(Instructions to follow)
Go through the records and extract every line with the word "leqnSn".

(Supplied records)
(* (Stability.) Let $1\le m\le n$, $x=(x_1,\dots,x_m)$, $y=(y_1,\dots,y_n)$, and write $x^{(m)}=(x_1,\dots,x_{m-1})$, $y^{(n)}=(y_1,\dots,y_{n-1})$. Then \[F(u;x,y;t)\big|_{x_my_n=1}=F(u;x^{(m)},y^{(n)};t)\quad\text{and}\quad F(u;x,y;t)\big|_{x_m=y_n=0}=(1-u)F(ut;x^{(m)},y^{(n)};t).\]
   Context: For $x=(x_1,\dots,x_m)$, $y=(y_1,\dots,y_n)$, \[F(u;x,y;t)=\sum_{I\subseteq\{1,\dots,m\}}(-u)^{|I|}t^{\binom{|I|}{2}}\prod_{i\in I,\ j\in\{1,\dots,m\}\setminus I}\frac{tx_i-x_j}{x_i-x_j}\prod_{i\in I}\prod_{j=1}^n\frac{1-x_iy_j}{1-tx_iy_j}.\] *)

From mathcomp Require Import all_boot all_order all_algebra.
Set Implicit Arguments. Unset Strict Implicit. Unset Printing Implicit Defensive.
Import GRing.Theory.
Local Open Scope ring_scope.

(* F(u;x,y;t) evaluated at a point of a field K, x = (x_1..x_m), y = (y_1..y_n)
   (indices shifted to 0..m-1, 0..n-1). *)
Definition Ffun (K : fieldType) (m n : nat) (u : K) (x : 'I_m -> K)
    (y : 'I_n -> K) (t : K) : K :=
  \sum_(I : {set 'I_m})
    ((- u) ^+ #|I| * t ^+ 'C(#|I|, 2)
     * (\prod_(i in I) \prod_(j in ~: I) ((t * x i - x j) / (x i - x j)))
     * (\prod_(i in I) \prod_(j < n) ((1 - x i * y j) / (1 - t * x i * y j)))).

Definition droplast (K : Type) (m : nat) (x : 'I_m.+1 -> K) : 'I_m -> K :=
  fun i => x (widen_ord (leqnSn m) i).

(** Split the sum defining [F] according to whether the subset [I] contains
    the last index [m].  When [x_m y_n = 1], every subset containing [m]
    contributes [0] (its kernel factor [1 - x_m y_n] vanishes), while for the
    other subsets the two factors involving [x_m] and [y_n] cancel, because
    [(t x_i - x_m)(1 - x_i y_n) - (x_i - x_m)(1 - t x_i y_n)] equals
    [(t - 1) x_i (1 - x_m y_n)].  When [x_m = y_n = 0], the factors
    [(t x_i - x_m)/(x_i - x_m)] become [t], turning [(-u)^k] into [(-u t)^k];
    a subset containing [m] contributes [-u] times the term of the remaining
    subset, hence [1 - u]. *)

From mathcomp Require Import all_boot all_order all_algebra.
From mathcomp Require Import ring.
Import GRing.Theory.
Local Open Scope ring_scope.

Local Notation widen := (widen_ord (leqnSn _)).

Section SubsetsOfOrdS.
Context {m : nat}.

Lemma widen_inj : injective (widen : 'I_m -> 'I_m.+1).
Proof. by move=> i j /(congr1 val) /= /val_inj. Qed.

Lemma widen_neq_max (i : 'I_m) : (widen i == ord_max) = false.
Proof. by apply/negbTE; rewrite -val_eqE /= neq_ltn ltn_ord. Qed.

Definition widen_set (J : {set 'I_m}) : {set 'I_m.+1} := widen @: J.

Lemma mem_widen_set J i : (widen i \in widen_set J) = (i \in J).
Proof. exact/mem_imset/widen_inj. Qed.

Lemma max_notin_widen_set J : (ord_max \in widen_set J) = false.
Proof. by apply/negbTE/imsetP => -[i _ /eqP]; rewrite eq_sym widen_neq_max. Qed.

Lemma card_widen_set J : #|widen_set J| = #|J|.
Proof. exact/card_imset/widen_inj. Qed.

Lemma card_setU1_widen_set J : #|ord_max |: widen_set J| = #|J|.+1.
Proof. by rewrite cardsU1 max_notin_widen_set card_widen_set. Qed.

Lemma ord_maxVwiden (k : 'I_m.+1) : k = ord_max \/ exists i, k = widen i.
Proof.
case: (unliftP ord_max k) => [i ->|->]; last by left.
by right; exists i; apply: val_inj; exact: lift_max.
Qed.

Lemma widen_set_preim (I : {set 'I_m.+1}) :
  ord_max \notin I -> widen_set [set i | widen i \in I] = I.
Proof.
move=> Imax; apply/setP => k; case: (ord_maxVwiden k) => [->|[i ->]].
  by rewrite max_notin_widen_set (negbTE Imax).
by rewrite mem_widen_set inE.
Qed.

Lemma setU1_widen_set_preim (I : {set 'I_m.+1}) :
  ord_max \in I -> ord_max |: widen_set [set i | widen i \in I] = I.
Proof.
move=> Imax; apply/setP => k; case: (ord_maxVwiden k) => [->|[i ->]].
  by rewrite setU11 Imax.
by rewrite in_setU1 widen_neq_max mem_widen_set inE.
Qed.

Section BigOp.
Variables (R : Type) (idx : R) (op : Monoid.com_law idx).

Lemma big_subsets_ord_recr (F : {set 'I_m.+1} -> R) :
  \big[op/idx]_(I : {set 'I_m.+1}) F I =
  op (\big[op/idx]_(J : {set 'I_m}) F (widen_set J))
     (\big[op/idx]_(J : {set 'I_m}) F (ord_max |: widen_set J)).
Proof.
rewrite (bigID (fun I : {set 'I_m.+1} => ord_max \in I)) /= Monoid.mulmC.
congr (op _ _).
- rewrite (reindex_onto widen_set (fun I => [set i | widen i \in I]))
    => [|I /widen_set_preim //].
  apply: eq_bigl => J; rewrite max_notin_widen_set /=.
  by apply/eqP/setP => i; rewrite inE mem_widen_set.
- rewrite (reindex_onto (fun J => ord_max |: widen_set J)
                        (fun I => [set i | widen i \in I]))
    => [|I /setU1_widen_set_preim //].
  apply: eq_bigl => J; rewrite setU11 /=.
  by apply/eqP/setP => i; rewrite inE in_setU1 widen_neq_max mem_widen_set.
Qed.

Lemma big_ord_recr_in (A : {pred 'I_m.+1}) (G : 'I_m.+1 -> R) :
  \big[op/idx]_(k in A) G k =
  op (\big[op/idx]_(i < m | widen i \in A) G (widen i))
     (if ord_max \in A then G ord_max else idx).
Proof. by rewrite big_mkcond big_ord_recr /= -big_mkcond. Qed.

Lemma big_widen_set J (G : 'I_m.+1 -> R) :
  \big[op/idx]_(k in widen_set J) G k = \big[op/idx]_(i in J) G (widen i).
Proof.
rewrite big_ord_recr_in max_notin_widen_set Monoid.mulm1.
by apply: eq_bigl => i; rewrite mem_widen_set.
Qed.

Lemma big_setC_widen_set J (G : 'I_m.+1 -> R) :
  \big[op/idx]_(k in ~: widen_set J) G k =
  op (\big[op/idx]_(i in ~: J) G (widen i)) (G ord_max).
Proof.
rewrite big_ord_recr_in inE max_notin_widen_set; congr (op _ _).
by apply: eq_bigl => i; rewrite !inE mem_widen_set.
Qed.

Lemma big_setU1_widen_set J (G : 'I_m.+1 -> R) :
  \big[op/idx]_(k in ord_max |: widen_set J) G k =
  op (\big[op/idx]_(i in J) G (widen i)) (G ord_max).
Proof.
rewrite big_ord_recr_in setU11; congr (op _ _).
by apply: eq_bigl => i; rewrite in_setU1 widen_neq_max mem_widen_set.
Qed.

Lemma big_setC_setU1_widen_set J (G : 'I_m.+1 -> R) :
  \big[op/idx]_(k in ~: (ord_max |: widen_set J)) G k =
  \big[op/idx]_(i in ~: J) G (widen i).
Proof.
rewrite big_ord_recr_in inE setU11 Monoid.mulm1.
by apply: eq_bigl => i; rewrite !inE widen_neq_max mem_widen_set.
Qed.

End BigOp.
End SubsetsOfOrdS.

Section Summands.
Context {K : fieldType}.

Definition Fterm {m n : nat} (u : K) (x : 'I_m -> K) (y : 'I_n -> K) (t : K)
    (I : {set 'I_m}) : K :=
  (- u) ^+ #|I| * t ^+ 'C(#|I|, 2)
  * (\prod_(i in I) \prod_(j in ~: I) ((t * x i - x j) / (x i - x j)))
  * (\prod_(i in I) \prod_(j < n) ((1 - x i * y j) / (1 - t * x i * y j))).

Lemma FfunE m n u (x : 'I_m -> K) (y : 'I_n -> K) t :
  Ffun u x y t = \sum_(I : {set 'I_m}) Fterm u x y t I.
Proof. by []. Qed.

Lemma Fterm_Mt m n u (x : 'I_m -> K) (y : 'I_n -> K) t I :
  Fterm (u * t) x y t I = Fterm u x y t I * t ^+ #|I|.
Proof. by rewrite /Fterm -mulNr exprMn; ring. Qed.

Lemma Fterm_eq0 {m n u} {x : 'I_m -> K} {y : 'I_n -> K} {t}
    {I : {set 'I_m}} {i j} :
  i \in I -> x i * y j = 1 -> Fterm u x y t I = 0.
Proof.
move=> Ii xy1; rewrite /Fterm [X in _ * X](bigD1 i) //=.
by rewrite [X in _ * (X * _)](bigD1 j) //= xy1 subrr !mul0r mulr0.
Qed.

Lemma cross_kernel_factor_cancel (t a b c : K) :
  b * c = 1 -> a != b -> 1 - t * a * c != 0 ->
  (t * a - b) / (a - b) * ((1 - a * c) / (1 - t * a * c)) = 1.
Proof.
move=> bc1 ab tac; rewrite mulf_div.
have -> : (t * a - b) * (1 - a * c) = (a - b) * (1 - t * a * c).
  apply/eqP; rewrite -subr_eq0; apply/eqP.
  by transitivity ((t - 1) * a * (1 - b * c)); [ring | rewrite bc1 subrr mulr0].
by rewrite divff // mulf_neq0 // subr_eq0.
Qed.

Variables (m n : nat) (x : 'I_m.+1 -> K) (y : 'I_n.+1 -> K) (t : K).

Lemma Fterm_widen_set u J :
  Fterm u x y t (widen_set J) =
  Fterm u (droplast x) (droplast y) t J *
  \prod_(i in J) ((t * x (widen i) - x ord_max) / (x (widen i) - x ord_max)
    * ((1 - x (widen i) * y ord_max) / (1 - t * x (widen i) * y ord_max))).
Proof.
rewrite /Fterm /droplast card_widen_set !big_widen_set.
under eq_bigr do rewrite big_setC_widen_set.
under [X in _ * X = _]eq_bigr do rewrite big_ord_recr /=.
rewrite !big_split /=; ring.
Qed.

Lemma Fterm_setU1_widen_set u J :
  x ord_max = 0 -> y ord_max = 0 -> (forall i, x (widen i) != 0) ->
  Fterm u x y t (ord_max |: widen_set J) =
  - u * Fterm (u * t) (droplast x) (droplast y) t J.
Proof.
move=> x0 y0 xw0.
rewrite /Fterm /droplast card_setU1_widen_set.
rewrite !big_setU1_widen_set /= big_setC_setU1_widen_set /=.
under eq_bigr do rewrite big_setC_setU1_widen_set /=.
under [X in _ * (X * _) = _]eq_bigr do
  rewrite big_ord_recr /= y0 !mulr0 subr0 divr1 mulr1.
have cross_max :
    \prod_(j in ~: J) ((t * 0 - x (widen j)) / (0 - x (widen j))) = 1.
  by apply: big1 => j _; rewrite mulr0 !sub0r divff // oppr_eq0.
have kernel_max : \prod_(j < n.+1) ((1 - 0 * y j) / (1 - t * 0 * y j)) = 1.
  by apply: big1 => j _; rewrite mulr0 !mul0r subr0 divr1.
rewrite x0 cross_max kernel_max binS bin1 exprD exprS -mulNr exprMn; ring.
Qed.

End Summands.

Theorem lemma3p1 (K : fieldType) (m n : nat) (hmn : (m <= n)%N)
  (u t : K) (x : 'I_m.+1 -> K) (y : 'I_n.+1 -> K)
  (hx : injective x)
  (hden : forall i j, 1 - t * x i * y j != 0) :
  (x ord_max * y ord_max = 1 ->
     Ffun u x y t = Ffun u (droplast x) (droplast y) t) /\
  (x ord_max = 0 -> y ord_max = 0 ->
     Ffun u x y t = (1 - u) * Ffun (u * t) (droplast x) (droplast y) t).
Proof.
have x_widen_neq_max i : x (widen i) != x ord_max.
  by apply/negP => /eqP /hx /eqP; rewrite widen_neq_max.
rewrite !FfunE big_subsets_ord_recr /=; split=> [xy1 | x0 y0].
- have -> : \sum_J Fterm u x y t (ord_max |: widen_set J) = 0.
    by apply: big1 => J _; exact: Fterm_eq0 (setU11 _ _) xy1.
  rewrite addr0.
  apply: eq_bigr => J _; rewrite Fterm_widen_set big1 ?mulr1 // => i _.
  exact: cross_kernel_factor_cancel.
- have x_widen_neq0 i : x (widen i) != 0 by rewrite -x0.
  rewrite mulrBl mul1r mulr_sumr -sumrN; congr (_ + _); apply: eq_bigr => J _.
  + rewrite Fterm_widen_set Fterm_Mt -prodr_const; congr (_ * _).
    apply: eq_bigr => i _.
    by rewrite x0 y0 !subr0 mulfK // !mulr0 subr0 divr1 mulr1.
  + by rewrite Fterm_setU1_widen_set // mulNr.
Qed.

(Response to this exercise)
  fun i => x (widen_ord (leqnSn m) i).
Local Notation widen := (widen_ord (leqnSn _)).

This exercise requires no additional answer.